### DATA FOR THIS EXERCISE
↓
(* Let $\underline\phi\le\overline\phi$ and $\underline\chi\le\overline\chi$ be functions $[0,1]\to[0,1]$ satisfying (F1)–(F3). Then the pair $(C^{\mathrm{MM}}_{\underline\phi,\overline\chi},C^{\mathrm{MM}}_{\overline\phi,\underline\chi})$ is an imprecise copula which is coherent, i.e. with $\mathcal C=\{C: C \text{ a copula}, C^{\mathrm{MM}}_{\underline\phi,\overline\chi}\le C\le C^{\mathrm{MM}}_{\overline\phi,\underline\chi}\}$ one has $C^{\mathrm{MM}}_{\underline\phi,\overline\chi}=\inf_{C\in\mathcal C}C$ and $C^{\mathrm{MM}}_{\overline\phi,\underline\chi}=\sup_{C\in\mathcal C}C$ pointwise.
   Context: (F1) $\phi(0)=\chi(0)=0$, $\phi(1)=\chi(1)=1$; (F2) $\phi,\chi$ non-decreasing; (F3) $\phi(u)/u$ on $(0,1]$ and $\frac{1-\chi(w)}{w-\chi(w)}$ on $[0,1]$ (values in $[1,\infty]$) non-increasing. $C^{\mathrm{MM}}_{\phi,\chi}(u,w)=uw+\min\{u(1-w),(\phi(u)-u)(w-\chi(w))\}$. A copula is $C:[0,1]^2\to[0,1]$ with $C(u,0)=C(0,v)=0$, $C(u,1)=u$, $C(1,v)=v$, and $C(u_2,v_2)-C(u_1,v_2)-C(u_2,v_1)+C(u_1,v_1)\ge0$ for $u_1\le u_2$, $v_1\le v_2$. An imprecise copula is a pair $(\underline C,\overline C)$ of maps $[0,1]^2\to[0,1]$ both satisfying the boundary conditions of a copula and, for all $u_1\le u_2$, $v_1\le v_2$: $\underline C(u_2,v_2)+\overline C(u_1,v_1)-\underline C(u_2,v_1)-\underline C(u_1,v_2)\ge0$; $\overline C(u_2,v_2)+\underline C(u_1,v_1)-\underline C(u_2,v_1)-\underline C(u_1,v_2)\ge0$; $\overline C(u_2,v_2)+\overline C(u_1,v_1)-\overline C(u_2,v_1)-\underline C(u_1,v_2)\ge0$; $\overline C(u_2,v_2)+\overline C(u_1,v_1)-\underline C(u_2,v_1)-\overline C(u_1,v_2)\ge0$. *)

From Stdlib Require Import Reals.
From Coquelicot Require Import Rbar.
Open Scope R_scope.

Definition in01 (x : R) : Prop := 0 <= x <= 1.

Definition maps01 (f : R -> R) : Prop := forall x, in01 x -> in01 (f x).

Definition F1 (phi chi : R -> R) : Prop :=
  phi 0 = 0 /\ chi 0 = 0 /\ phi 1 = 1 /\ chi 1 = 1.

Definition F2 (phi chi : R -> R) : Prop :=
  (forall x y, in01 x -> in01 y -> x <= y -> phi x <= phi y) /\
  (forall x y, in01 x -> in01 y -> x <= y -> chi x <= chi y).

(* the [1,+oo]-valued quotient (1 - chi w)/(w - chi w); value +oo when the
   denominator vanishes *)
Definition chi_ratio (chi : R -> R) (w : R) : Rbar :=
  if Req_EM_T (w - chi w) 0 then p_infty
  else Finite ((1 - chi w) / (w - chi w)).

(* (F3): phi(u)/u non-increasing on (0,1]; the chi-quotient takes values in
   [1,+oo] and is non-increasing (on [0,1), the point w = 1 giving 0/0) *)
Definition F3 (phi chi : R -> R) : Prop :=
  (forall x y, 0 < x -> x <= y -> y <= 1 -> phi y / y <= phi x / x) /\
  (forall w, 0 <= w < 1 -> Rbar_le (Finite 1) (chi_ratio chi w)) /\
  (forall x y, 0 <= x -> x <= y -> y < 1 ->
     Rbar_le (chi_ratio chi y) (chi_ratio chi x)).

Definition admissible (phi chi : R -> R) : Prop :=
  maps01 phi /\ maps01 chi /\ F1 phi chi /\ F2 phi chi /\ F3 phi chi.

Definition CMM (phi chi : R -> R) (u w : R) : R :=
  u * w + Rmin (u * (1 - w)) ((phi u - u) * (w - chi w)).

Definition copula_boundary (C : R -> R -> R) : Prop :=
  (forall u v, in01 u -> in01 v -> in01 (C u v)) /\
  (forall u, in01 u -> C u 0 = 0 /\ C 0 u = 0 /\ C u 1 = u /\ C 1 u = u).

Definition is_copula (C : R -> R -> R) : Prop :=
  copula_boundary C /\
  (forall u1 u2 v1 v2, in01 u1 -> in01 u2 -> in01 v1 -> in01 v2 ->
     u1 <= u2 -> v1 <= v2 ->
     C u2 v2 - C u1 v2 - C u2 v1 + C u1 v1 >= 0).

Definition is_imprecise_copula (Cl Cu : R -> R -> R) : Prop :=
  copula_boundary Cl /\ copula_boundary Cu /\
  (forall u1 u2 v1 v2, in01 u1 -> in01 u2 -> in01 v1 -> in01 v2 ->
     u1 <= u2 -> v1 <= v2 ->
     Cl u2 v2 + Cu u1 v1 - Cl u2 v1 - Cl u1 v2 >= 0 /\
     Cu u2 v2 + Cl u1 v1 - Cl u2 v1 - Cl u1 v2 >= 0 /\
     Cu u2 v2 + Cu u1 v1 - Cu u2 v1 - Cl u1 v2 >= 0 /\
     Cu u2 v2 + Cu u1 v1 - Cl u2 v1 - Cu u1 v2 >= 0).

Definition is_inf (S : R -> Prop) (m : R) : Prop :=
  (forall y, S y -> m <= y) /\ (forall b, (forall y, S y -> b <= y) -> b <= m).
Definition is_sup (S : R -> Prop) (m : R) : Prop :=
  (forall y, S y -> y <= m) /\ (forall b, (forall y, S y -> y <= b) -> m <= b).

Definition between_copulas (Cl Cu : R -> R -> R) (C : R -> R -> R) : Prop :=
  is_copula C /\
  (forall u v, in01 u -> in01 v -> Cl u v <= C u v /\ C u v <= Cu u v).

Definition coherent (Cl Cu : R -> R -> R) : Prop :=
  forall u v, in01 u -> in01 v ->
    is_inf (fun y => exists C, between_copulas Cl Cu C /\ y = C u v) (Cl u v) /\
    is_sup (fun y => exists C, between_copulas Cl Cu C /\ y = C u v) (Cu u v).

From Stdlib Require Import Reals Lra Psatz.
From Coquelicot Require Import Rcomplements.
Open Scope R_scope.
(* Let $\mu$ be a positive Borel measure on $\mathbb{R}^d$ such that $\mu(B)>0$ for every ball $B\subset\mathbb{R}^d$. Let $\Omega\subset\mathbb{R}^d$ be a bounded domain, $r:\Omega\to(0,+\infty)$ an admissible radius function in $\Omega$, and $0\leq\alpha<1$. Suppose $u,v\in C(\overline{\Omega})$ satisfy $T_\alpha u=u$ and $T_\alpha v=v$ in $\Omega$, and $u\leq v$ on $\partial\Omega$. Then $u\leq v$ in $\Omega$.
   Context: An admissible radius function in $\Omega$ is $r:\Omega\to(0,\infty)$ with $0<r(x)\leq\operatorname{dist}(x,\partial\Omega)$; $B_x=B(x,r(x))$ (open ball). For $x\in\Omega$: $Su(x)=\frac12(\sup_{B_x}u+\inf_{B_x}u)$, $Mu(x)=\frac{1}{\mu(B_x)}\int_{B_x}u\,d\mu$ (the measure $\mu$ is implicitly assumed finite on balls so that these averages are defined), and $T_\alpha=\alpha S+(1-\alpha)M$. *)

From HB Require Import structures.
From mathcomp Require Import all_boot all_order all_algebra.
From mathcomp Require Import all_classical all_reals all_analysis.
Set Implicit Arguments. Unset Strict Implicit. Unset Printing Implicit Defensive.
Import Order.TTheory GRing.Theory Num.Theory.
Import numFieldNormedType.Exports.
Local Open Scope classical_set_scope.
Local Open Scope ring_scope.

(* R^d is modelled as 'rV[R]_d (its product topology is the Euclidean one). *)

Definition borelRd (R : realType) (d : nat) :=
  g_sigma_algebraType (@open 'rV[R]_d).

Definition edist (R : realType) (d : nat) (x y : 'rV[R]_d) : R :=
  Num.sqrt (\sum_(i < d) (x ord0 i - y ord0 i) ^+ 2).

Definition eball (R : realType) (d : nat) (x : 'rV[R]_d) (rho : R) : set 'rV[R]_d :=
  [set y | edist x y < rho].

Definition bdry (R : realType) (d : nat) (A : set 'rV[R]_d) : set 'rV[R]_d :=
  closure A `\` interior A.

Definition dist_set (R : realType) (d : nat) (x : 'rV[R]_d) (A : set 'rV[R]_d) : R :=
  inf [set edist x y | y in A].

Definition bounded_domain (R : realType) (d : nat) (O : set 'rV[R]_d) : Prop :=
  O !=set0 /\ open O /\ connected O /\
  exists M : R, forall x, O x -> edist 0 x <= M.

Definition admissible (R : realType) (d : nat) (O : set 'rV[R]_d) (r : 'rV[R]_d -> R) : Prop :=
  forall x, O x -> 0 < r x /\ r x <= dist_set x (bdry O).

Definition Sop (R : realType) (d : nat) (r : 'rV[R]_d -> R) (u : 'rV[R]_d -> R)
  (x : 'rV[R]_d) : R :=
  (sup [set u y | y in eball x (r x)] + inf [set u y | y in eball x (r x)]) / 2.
↑
↓
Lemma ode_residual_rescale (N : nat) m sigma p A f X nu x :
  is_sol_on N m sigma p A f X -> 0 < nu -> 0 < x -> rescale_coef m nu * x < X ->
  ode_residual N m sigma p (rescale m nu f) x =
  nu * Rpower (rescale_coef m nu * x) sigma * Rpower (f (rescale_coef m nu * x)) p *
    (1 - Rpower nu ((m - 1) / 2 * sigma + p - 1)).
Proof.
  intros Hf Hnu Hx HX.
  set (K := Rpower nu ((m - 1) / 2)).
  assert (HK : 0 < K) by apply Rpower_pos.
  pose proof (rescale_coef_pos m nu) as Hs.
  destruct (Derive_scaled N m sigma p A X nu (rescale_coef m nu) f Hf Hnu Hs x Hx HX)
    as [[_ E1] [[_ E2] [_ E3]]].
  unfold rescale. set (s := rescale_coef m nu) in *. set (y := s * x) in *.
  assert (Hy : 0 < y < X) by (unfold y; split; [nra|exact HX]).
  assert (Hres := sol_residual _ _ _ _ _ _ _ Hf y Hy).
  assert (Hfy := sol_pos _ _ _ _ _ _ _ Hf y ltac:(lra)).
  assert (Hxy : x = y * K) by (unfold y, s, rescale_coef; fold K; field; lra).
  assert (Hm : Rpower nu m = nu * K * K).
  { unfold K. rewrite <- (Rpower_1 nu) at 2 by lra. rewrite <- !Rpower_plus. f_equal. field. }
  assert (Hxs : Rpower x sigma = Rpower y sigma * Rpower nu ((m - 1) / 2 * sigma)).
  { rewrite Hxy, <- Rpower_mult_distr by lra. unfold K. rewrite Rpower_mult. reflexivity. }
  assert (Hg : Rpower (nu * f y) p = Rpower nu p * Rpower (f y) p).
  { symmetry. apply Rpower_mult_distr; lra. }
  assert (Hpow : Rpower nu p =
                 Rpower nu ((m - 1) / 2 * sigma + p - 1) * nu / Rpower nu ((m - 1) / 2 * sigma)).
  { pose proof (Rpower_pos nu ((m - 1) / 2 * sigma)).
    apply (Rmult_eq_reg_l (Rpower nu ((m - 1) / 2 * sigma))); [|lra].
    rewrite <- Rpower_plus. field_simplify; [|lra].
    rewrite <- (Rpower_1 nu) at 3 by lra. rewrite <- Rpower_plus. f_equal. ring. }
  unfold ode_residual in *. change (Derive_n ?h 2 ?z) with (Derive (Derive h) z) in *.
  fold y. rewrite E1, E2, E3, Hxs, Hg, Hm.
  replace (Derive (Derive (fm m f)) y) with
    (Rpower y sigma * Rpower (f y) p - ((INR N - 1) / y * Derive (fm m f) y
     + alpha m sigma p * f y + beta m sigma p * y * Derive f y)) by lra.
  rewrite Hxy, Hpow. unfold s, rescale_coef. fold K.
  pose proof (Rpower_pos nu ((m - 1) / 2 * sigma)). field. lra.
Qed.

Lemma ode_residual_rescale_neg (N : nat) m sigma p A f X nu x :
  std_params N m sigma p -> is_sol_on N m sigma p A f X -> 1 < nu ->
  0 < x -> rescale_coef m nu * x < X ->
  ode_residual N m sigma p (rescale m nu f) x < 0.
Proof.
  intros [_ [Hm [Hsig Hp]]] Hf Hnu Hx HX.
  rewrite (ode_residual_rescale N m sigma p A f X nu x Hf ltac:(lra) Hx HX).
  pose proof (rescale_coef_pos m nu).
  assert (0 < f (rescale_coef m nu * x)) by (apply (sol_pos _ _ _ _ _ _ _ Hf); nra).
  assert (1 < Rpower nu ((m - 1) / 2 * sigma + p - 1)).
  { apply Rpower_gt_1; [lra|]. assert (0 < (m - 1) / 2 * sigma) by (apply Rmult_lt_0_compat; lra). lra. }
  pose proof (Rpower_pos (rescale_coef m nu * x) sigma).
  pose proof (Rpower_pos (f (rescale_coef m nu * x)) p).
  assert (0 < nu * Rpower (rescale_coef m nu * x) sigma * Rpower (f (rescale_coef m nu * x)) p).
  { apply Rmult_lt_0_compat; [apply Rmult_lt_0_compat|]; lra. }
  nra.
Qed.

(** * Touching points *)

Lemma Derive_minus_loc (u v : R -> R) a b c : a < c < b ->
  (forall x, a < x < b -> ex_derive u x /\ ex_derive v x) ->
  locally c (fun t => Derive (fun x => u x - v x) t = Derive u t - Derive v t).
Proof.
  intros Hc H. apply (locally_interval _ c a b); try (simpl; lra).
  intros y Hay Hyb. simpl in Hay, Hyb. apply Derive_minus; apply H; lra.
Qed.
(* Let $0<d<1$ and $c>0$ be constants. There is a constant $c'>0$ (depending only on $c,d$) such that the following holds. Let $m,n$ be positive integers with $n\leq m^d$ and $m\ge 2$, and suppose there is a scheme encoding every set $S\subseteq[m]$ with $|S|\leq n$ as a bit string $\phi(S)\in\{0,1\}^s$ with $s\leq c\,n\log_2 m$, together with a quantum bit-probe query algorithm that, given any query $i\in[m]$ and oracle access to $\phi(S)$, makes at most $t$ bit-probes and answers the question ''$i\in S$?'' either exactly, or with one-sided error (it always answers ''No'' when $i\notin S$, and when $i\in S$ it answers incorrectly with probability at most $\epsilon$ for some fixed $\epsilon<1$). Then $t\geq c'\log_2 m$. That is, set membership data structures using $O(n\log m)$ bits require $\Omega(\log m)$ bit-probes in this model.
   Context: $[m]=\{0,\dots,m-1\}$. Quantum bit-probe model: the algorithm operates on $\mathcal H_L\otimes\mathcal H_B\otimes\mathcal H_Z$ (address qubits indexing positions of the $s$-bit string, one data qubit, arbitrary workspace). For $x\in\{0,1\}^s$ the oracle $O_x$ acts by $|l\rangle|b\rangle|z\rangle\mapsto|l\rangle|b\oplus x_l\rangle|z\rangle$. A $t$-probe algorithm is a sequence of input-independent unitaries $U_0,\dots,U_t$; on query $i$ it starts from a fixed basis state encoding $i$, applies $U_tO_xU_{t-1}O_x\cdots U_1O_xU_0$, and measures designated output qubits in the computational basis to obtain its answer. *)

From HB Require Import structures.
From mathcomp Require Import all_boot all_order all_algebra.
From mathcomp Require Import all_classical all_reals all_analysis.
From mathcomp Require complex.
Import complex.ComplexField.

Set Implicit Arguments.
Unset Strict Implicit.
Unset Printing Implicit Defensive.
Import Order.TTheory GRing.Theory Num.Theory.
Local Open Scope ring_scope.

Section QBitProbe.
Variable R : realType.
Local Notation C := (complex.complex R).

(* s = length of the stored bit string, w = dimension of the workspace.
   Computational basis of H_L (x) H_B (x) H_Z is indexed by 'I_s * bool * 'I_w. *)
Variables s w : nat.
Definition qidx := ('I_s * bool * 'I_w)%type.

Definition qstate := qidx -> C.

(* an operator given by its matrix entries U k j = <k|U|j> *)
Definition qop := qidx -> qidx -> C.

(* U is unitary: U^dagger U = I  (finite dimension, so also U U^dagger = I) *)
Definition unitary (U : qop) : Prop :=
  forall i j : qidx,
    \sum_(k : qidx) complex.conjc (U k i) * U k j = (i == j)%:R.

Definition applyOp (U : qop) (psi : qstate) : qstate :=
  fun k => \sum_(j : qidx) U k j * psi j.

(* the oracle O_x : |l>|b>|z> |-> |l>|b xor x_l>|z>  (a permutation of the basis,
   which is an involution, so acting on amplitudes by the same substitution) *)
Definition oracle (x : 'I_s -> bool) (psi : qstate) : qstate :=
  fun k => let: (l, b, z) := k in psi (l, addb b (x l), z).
↑
### WHAT TO WORK ON
Once you find the line with "sigma)). field. lra." in the entries above, output it and each line after it up to and including the line with "pose proof (rescale_coef_pos m nu).", and nothing else.

### ANSWER BOX
  pose proof (Rpower_pos nu ((m - 1) / 2 * sigma)). field. lra.
Qed.

Lemma ode_residual_rescale_neg (N : nat) m sigma p A f X nu x :
  std_params N m sigma p -> is_sol_on N m sigma p A f X -> 1 < nu ->
  0 < x -> rescale_coef m nu * x < X ->
  ode_residual N m sigma p (rescale m nu f) x < 0.
Proof.
  intros [_ [Hm [Hsig Hp]]] Hf Hnu Hx HX.
  rewrite (ode_residual_rescale N m sigma p A f X nu x Hf ltac:(lra) Hx HX).
  pose proof (rescale_coef_pos m nu).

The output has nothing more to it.